- [Work to be completed]:
Your answer should consist solely of the lines from the first line of the data through the line with "rewrite Hstep, IH, q_rec, defect_tail_step.", each reproduced exactly.

⟨

Lemma defect_tail_step (N : nat) (x : R) :
  defect_tail (S N) x =
  defect_tail N x + q (S N) * x ^ S N * sum_f_R0 (fun i => x ^ i) (pred m)
  - x ^ N * sum_f_R0 (fun i => q (N - i)%nat) (pred m).
Proof.
  unfold defect_tail.
  rewrite (sum_eq _ (fun i => sum_f_R0 (fun l => q (N - l)%nat * x ^ (N - l + i)) i
                              + (x ^ i * (q (S N) * x ^ S N) - q (N - i)%nat * x ^ N)))
    by (intros; rewrite defect_tail_inner_step, pow_add; ring).
  rewrite plus_sum, minus_sum, <- !scal_sum.
  change (sum_f_R0 (pow x)) with (sum_f_R0 (fun i => x ^ i)); ring.
Qed.

(* The defect is carried by the last m + 1 coefficients only:
   D_N(x) = q_N x^N + W_N(x) - [N = 0]. *)
Lemma defect_closed_form (N : nat) (x : R) :
  defect N x = q N * x ^ N + defect_tail N x - dirac0 N.
Proof.
  induction N as [|N IH].
  - unfold defect, Qtrunc, Qtrunc_deriv, defect_tail, dirac0; simpl; rewrite q_0.
    rewrite (sum_eq_R0 _ (pred m)); [ring|].
    intros i _; apply sum_eq_R0; intros; simpl; ring.
  - assert (Hstep : defect (S N) x = defect N x
       + log_deriv_weight m x * (q (S N) * x ^ S N) + x ^ N * (INR (S N) * q (S N)))
      by (unfold defect, Qtrunc, Qtrunc_deriv; simpl; ring).
    rewrite Hstep, IH, q_rec, defect_tail_step.
    unfold log_deriv_weight, dirac0; destruct N; simpl; ring.
Qed.
End TruncatedEquation.

Lemma Rabs_mult_pow_le (c x : R) (k : nat) : 0 <= x <= 1 -> Rabs (c * x ^ k) <= Rabs c.
Proof.
  intros Hx; rewrite Rabs_mult, (Rabs_right (x ^ k)) by (apply Rle_ge, pow_le; lra).
  assert (x ^ k <= 1) by (rewrite <- (pow1 k); apply pow_incr; lra).
  pose proof (Rabs_pos c); nra.
Qed.

Section Decay.

(* The same coefficients, now with m >= 1 so that the recurrence involves m earlier terms. *)
Variable m : nat.
Hypothesis m_pos : (1 <= m)%nat.
Variable q : nat -> R.
Hypothesis q_0 : q 0%nat = 0.
Hypothesis q_rec : forall j,
  INR (S j) * q (S j) = dirac0 j - q j - sum_f_R0 (fun i => q (j - i)%nat) (pred m).

(* A bound on |D_N| over [0, 1] in terms of the last m coefficients. *)
Definition tail_norm (N : nat) : R :=
  Rabs (q N) + sum_f_R0 (fun i => sum_f_R0 (fun l => Rabs (q (N - l)%nat)) i) (pred m).

(* For N >= 1 the Kronecker term is gone and each monomial is at most its coefficient. *)
Lemma defect_bound (N : nat) (x : R) :
  (1 <= N)%nat -> 0 <= x <= 1 -> Rabs (defect m q N x) <= tail_norm N.
Proof.
  intros HN Hx; rewrite (defect_closed_form m q q_0 q_rec).
  replace (dirac0 N) with 0 by (unfold dirac0; destruct N; [lia | reflexivity]).
  rewrite Rminus_0_r; eapply Rle_trans; [apply Rabs_triang | apply Rplus_le_compat].
  - apply Rabs_mult_pow_le; auto.
  - apply sum_abs_le; intros i _; apply sum_abs_le; intros l _; apply Rabs_mult_pow_le; auto.
Qed.

(* For j >= 1 the recurrence expresses q_(j+1) as an average of m + 1 earlier
   coefficients divided by j + 1. *)
Lemma q_succ_bound (j : nat) (C : R) :
  (1 <= j)%nat -> (forall k, (k <= j)%nat -> Rabs (q k) <= C) ->
  Rabs (q (S j)) <= INR (S m) * C / INR (S j).
Proof.
  intros Hj HC.
  assert (HSj : 0 < INR (S j)) by (apply lt_0_INR; lia).
  assert (Hq : q (S j) = (- q j - sum_f_R0 (fun i => q (j - i)%nat) (pred m)) / INR (S j)).
  { replace (- q j) with (dirac0 j - q j) by (unfold dirac0; destruct j; [lia | simpl; ring]).
    rewrite <- q_rec; field; lra. }
  assert (Hsum : Rabs (sum_f_R0 (fun i => q (j - i)%nat) (pred m)) <= INR m * C).
  { eapply Rle_trans; [apply sum_abs_le with (G := fun _ => C); intros; apply HC; lia|].
    rewrite sum_cte; replace (S (pred m)) with m by lia; lra. }
  assert (Hqj := HC j (le_n j)).
  rewrite Hq; unfold Rdiv; rewrite Rabs_mult, Rabs_inv, (Rabs_right (INR (S j))) by lra.
  apply Rmult_le_compat_r; [left; apply Rinv_0_lt_compat; lra|].
  unfold Rminus; eapply Rle_trans; [apply Rabs_triang|].
  rewrite Rabs_Ropp, Rabs_Ropp, S_INR; lra.
Qed.

(* A bound for the first m + 2 coefficients, propagated by q_succ_bound. *)
Definition q_sup : R := sum_f_R0 (fun j => Rabs (q j)) (S m).

Lemma q_sup_nonneg : 0 <= q_sup.
Proof. apply cond_pos_sum; intros; apply Rabs_pos. Qed.

Lemma q_bounded (n : nat) : Rabs (q n) <= q_sup.
Proof.
  assert (Hall : forall N k, (k <= N)%nat -> Rabs (q k) <= q_sup).
  { induction N as [|N IH]; intros k Hk.
    - apply (sum_term_le (fun j => Rabs (q j))); [intros; apply Rabs_pos | lia].
    - destruct (Nat.eq_dec k (S N)) as [->|Hne]; [|apply IH; lia].
      destruct (le_lt_dec (S N) (S m)) as [Hsmall | Hlarge].
      + apply (sum_term_le (fun j => Rabs (q j))); [intros; apply Rabs_pos | lia].
      + eapply Rle_trans; [apply q_succ_bound; [lia | exact IH]|].
        pose proof q_sup_nonneg.
        assert (INR (S m) <= INR (S N)) by (apply le_INR; lia).
        assert (0 < INR (S N)) by (apply lt_0_INR; lia).
        apply (Rmult_le_reg_r (INR (S N))); auto.
        unfold Rdiv; rewrite Rmult_assoc, Rinv_l by lra; nra. }
  apply (Hall n n); lia.
Qed.

(* q_j = O(1/j), so the coefficients tend to 0. *)
Lemma q_cv0 : Un_cv q 0.
Proof.
  intros e He.
  set (A := INR (S m) * q_sup + 1).
  assert (HA0 : 0 <= INR (S m) * q_sup) by (apply Rmult_le_pos; [apply pos_INR | apply q_sup_nonneg]).
  assert (HA : 0 < A) by (unfold A; lra).
  destruct (archimed_cor1 (e / A)) as [N [HN HN0]]; [apply Rdiv_lt_0_compat; auto|].
  exists (S (S N)); intros n Hn; unfold Rdist; rewrite Rminus_0_r.
  destruct n as [|j]; [lia|].
  eapply Rle_lt_trans; [apply q_succ_bound; [lia | intros; apply q_bounded]|].
  assert (0 < INR N) by (apply lt_0_INR; lia).
  assert (INR N <= INR (S j)) by (apply le_INR; lia).
  apply Rle_lt_trans with (A / INR N).
  - unfold Rdiv; apply Rmult_le_compat; try lra.
    + left; apply Rinv_0_lt_compat, lt_0_INR; lia.
    + unfold A; lra.
    + apply Rinv_le_contravar; lra.
  - apply (Rmult_lt_reg_r (/ A)); [apply Rinv_0_lt_compat; auto|].
    replace (A / INR N * / A) with (/ INR N) by (field; lra); exact HN.
Qed.

Lemma tail_norm_cv0 : Un_cv tail_norm 0.
Proof.
  unfold tail_norm; replace 0 with (0 + 0) by ring; apply CV_plus.
  - apply (Un_cv_ext (fun N => Rabs (q (N - 0)%nat))); [intros; rewrite Nat.sub_0_r; reflexivity|].
    apply cv0_abs_shift, q_cv0.
  - apply (cv0_finite_sum (fun i N => sum_f_R0 (fun l => Rabs (q (N - l)%nat)) i)); intros i.
    apply (cv0_finite_sum (fun l N => Rabs (q (N - l)%nat))); intros l.
    apply cv0_abs_shift, q_cv0.
Qed.

Lemma partial_sum_integral_error (N : nat) (pr : Riemann_integrable (weight m) 0 1) :
  (1 <= N)%nat ->
  Rabs (weight m 1 * sum_f_R0 q N - RiemannInt pr) <= weight m 1 * tail_norm N.
Proof.
  intros HN.
  set (h x := weight m x * (1 + defect m q N x)).
  assert (Hcont : forall x, continuity_pt h x).
  { intros x; apply continuity_pt_mult; [apply continuity_weight|].
    apply continuity_pt_plus; [reg | apply continuity_defect]. }
  assert (prh : Riemann_integrable h 0 1) by (apply continuity_implies_RiemannInt; auto; lra).
  assert (Hint : RiemannInt prh = weight m 1 * sum_f_R0 q N).
  { rewrite (RiemannInt_primitive (fun y => weight m y * Qtrunc q N y) h 0 1 prh); try lra.
    - unfold Qtrunc; rewrite (sum_eq _ q) by (intros; rewrite pow1; ring).
      rewrite (sum_eq_R0 (fun j => q j * 0 ^ j) N) by (intros [|j] _; simpl; [rewrite q_0|]; ring); ring.
    - intros; apply Hcont.
    - intros; apply derivable_pt_lim_weight_Qtrunc. }
  rewrite <- Hint.
  replace (weight m 1 * tail_norm N) with (weight m 1 * tail_norm N * (1 - 0)) by ring.
  apply RiemannInt_close; [lra|]; intros x Hx; unfold h.
  replace (weight m x * (1 + defect m q N x) - weight m x) with (weight m x * defect m q N x) by ring.
  assert (HE : 0 < weight m x) by apply exp_pos.
  rewrite Rabs_mult, (Rabs_right (weight m x)) by lra.
  apply Rmult_le_compat; [lra | apply Rabs_pos | apply weight_le_weight_1; lra | apply defect_bound; auto; lra].
Qed.

Lemma partial_sums_cv (pr : Riemann_integrable (weight m) 0 1) :
  Un_cv (fun N => sum_f_R0 q N) (RiemannInt pr / weight m 1).
Proof.
  intros e He.
  assert (HE1 : 0 < weight m 1) by apply exp_pos.
  destruct (tail_norm_cv0 (e / 2) ltac:(lra)) as [N0 HN0].
  exists (S N0); intros n Hn.
  specialize (HN0 n ltac:(lia)); unfold Rdist in *; rewrite Rminus_0_r in HN0.
  assert (Herr := partial_sum_integral_error n pr ltac:(lia)).
  assert (Hnn : 0 <= tail_norm n)
    by (eapply Rle_trans; [apply Rabs_pos | apply (defect_bound n 0); [lia | lra]]).
  rewrite Rabs_right in HN0 by lra.
  replace (sum_f_R0 q n - RiemannInt pr / weight m 1)
    with ((weight m 1 * sum_f_R0 q n - RiemannInt pr) / weight m 1) by (field; lra).
  unfold Rdiv; rewrite Rabs_mult, (Rabs_right (/ weight m 1)) by (left; apply Rinv_0_lt_compat; auto).
  apply (Rmult_lt_reg_r (weight m 1)); auto; rewrite Rmult_assoc, Rinv_l by lra; nra.
Qed.
End Decay.

Section Differences.

(* a_n = U_n with m = θ + 1, after clearing the denominator of the recurrence. *)
Variable m : nat.
Hypothesis m_ge_2 : (2 <= m)%nat.
Variable a : nat -> R.
Hypothesis a_init : forall n, (n <= m)%nat -> a n = 0.
Hypothesis a_rec : forall n,
  INR (n - m) * a n = INR (n - m) + sum_f_R0 a (n - 2) + sum_f_R0 a (n - m - 1).

Definition diff1 (n : nat) : R := a n - a (pred n).
Definition diff2 (n : nat) : R := diff1 n - diff1 (pred n).

Lemma diff1_init (n : nat) : (n <= m)%nat -> diff1 n = 0.
Proof. intros; unfold diff1; rewrite !a_init by lia; ring. Qed.

Lemma diff2_init (n : nat) : (n <= m)%nat -> diff2 n = 0.
Proof. intros; unfold diff2; rewrite !diff1_init by lia; ring. Qed.

Lemma partial_sum_diff (k : nat) : sum_f_R0 a k - sum_f_R0 a (pred k) = a k.
Proof. destruct k; simpl; [rewrite a_init by lia|]; ring. Qed.

Lemma first_difference_rec (n : nat) : (m <= n)%nat ->
  (INR (n - m) + 1) * diff1 (S n) = 1 + a (n - m) - diff1 n.
Proof.
  intros Hn.
  assert (Hnext := a_rec (S n)); assert (Hcur := a_rec n).
  replace (S n - m)%nat with (S (n - m)) in Hnext by lia; rewrite S_INR in Hnext.
  replace (S (n - m) - 1)%nat with (n - m)%nat in Hnext by lia.
  replace (n - m - 1)%nat with (pred (n - m)) in Hcur by lia.
  replace (S n - 2)%nat with (S (n - 2)) in Hnext by lia.
  assert (Hsum1 : sum_f_R0 a (S (n - 2)) - sum_f_R0 a (n - 2) = a (pred n))
    by (simpl; replace (S (n - 2)) with (pred n) by lia; ring).
  assert (Hsum2 := partial_sum_diff (n - m)).
  unfold diff1; simpl pred; nra.
Qed.

Lemma second_difference_rec (j : nat) :
  INR (S j) * diff2 (S (j + m)) = dirac0 j - diff2 (j + m) - (diff1 (j + m) - diff1 j).
Proof.
  assert (Hnext := first_difference_rec (j + m) ltac:(lia)).
  replace (j + m - m)%nat with j in Hnext by lia.
  destruct j as [|j].
  - simpl plus in *; rewrite (a_init 0), (diff1_init m) in Hnext by lia.
    rewrite (diff2_init m), (diff1_init m), (diff1_init 0) by lia.
    change (dirac0 0) with 1; unfold diff2; simpl pred.
    rewrite (diff1_init m) by lia; simpl INR in *; lra.
  - assert (Hcur := first_difference_rec (j + m) ltac:(lia)).
    replace (j + m - m)%nat with j in Hcur by lia.
    change (dirac0 (S j)) with 0.
    assert (Hdj : diff1 (S j) = a (S j) - a j) by reflexivity.
    unfold diff2; simpl pred; simpl plus in *; rewrite Hdj, !S_INR in *; lra.
Qed.

Definition coef (j : nat) : R := diff2 (j + m).

Lemma coef_0 : coef 0 = 0.
Proof. apply diff2_init; lia. Qed.

Lemma coef_rec (j : nat) :
  INR (S j) * coef (S j) = dirac0 j - coef j - sum_f_R0 (fun i => coef (j - i)%nat) (pred m).
Proof.
  unfold coef; simpl plus; rewrite second_difference_rec; f_equal.
  replace (diff1 (j + m) - diff1 j)
    with (sum_f_R0 (fun i => diff1 (j + m - i)%nat - diff1 (pred (j + m - i))) (pred m))
    by (rewrite sum_telescope; do 3 f_equal; lia).
  apply sum_eq; intros i Hi; fold (diff2 (j + m - i)).
  destruct (le_lt_dec i j).
  - f_equal; lia.
  - rewrite !diff2_init by lia; reflexivity.
Qed.

Lemma sum_coef (N : nat) : sum_f_R0 coef N = diff1 (N + m).
Proof.
  induction N as [|N IH]; simpl.
  - rewrite coef_0, diff1_init by lia; reflexivity.
  - rewrite IH; unfold coef, diff2; simpl; ring.
Qed.

Lemma a_as_sum (n : nat) : a n = sum_f_R0 (fun j => diff1 (S j)) (pred n).
Proof.
  assert (Hsucc : forall k, a (S k) = sum_f_R0 (fun j => diff1 (S j)) k).
  { induction k as [|k IH]; simpl; rewrite <- ?IH; unfold diff1; simpl;
      [rewrite (a_init 0) by lia|]; ring. }
  destruct n as [|n]; [simpl; unfold diff1; simpl; rewrite !a_init by lia; ring | apply Hsucc].
Qed.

⟩

- [Task solution]:
Lemma defect_tail_step (N : nat) (x : R) :
  defect_tail (S N) x =
  defect_tail N x + q (S N) * x ^ S N * sum_f_R0 (fun i => x ^ i) (pred m)
  - x ^ N * sum_f_R0 (fun i => q (N - i)%nat) (pred m).
Proof.
  unfold defect_tail.
  rewrite (sum_eq _ (fun i => sum_f_R0 (fun l => q (N - l)%nat * x ^ (N - l + i)) i
                              + (x ^ i * (q (S N) * x ^ S N) - q (N - i)%nat * x ^ N)))
    by (intros; rewrite defect_tail_inner_step, pow_add; ring).
  rewrite plus_sum, minus_sum, <- !scal_sum.
  change (sum_f_R0 (pow x)) with (sum_f_R0 (fun i => x ^ i)); ring.
Qed.

(* The defect is carried by the last m + 1 coefficients only:
   D_N(x) = q_N x^N + W_N(x) - [N = 0]. *)
Lemma defect_closed_form (N : nat) (x : R) :
  defect N x = q N * x ^ N + defect_tail N x - dirac0 N.
Proof.
  induction N as [|N IH].
  - unfold defect, Qtrunc, Qtrunc_deriv, defect_tail, dirac0; simpl; rewrite q_0.
    rewrite (sum_eq_R0 _ (pred m)); [ring|].
    intros i _; apply sum_eq_R0; intros; simpl; ring.
  - assert (Hstep : defect (S N) x = defect N x
       + log_deriv_weight m x * (q (S N) * x ^ S N) + x ^ N * (INR (S N) * q (S N)))
      by (unfold defect, Qtrunc, Qtrunc_deriv; simpl; ring).
    rewrite Hstep, IH, q_rec, defect_tail_step.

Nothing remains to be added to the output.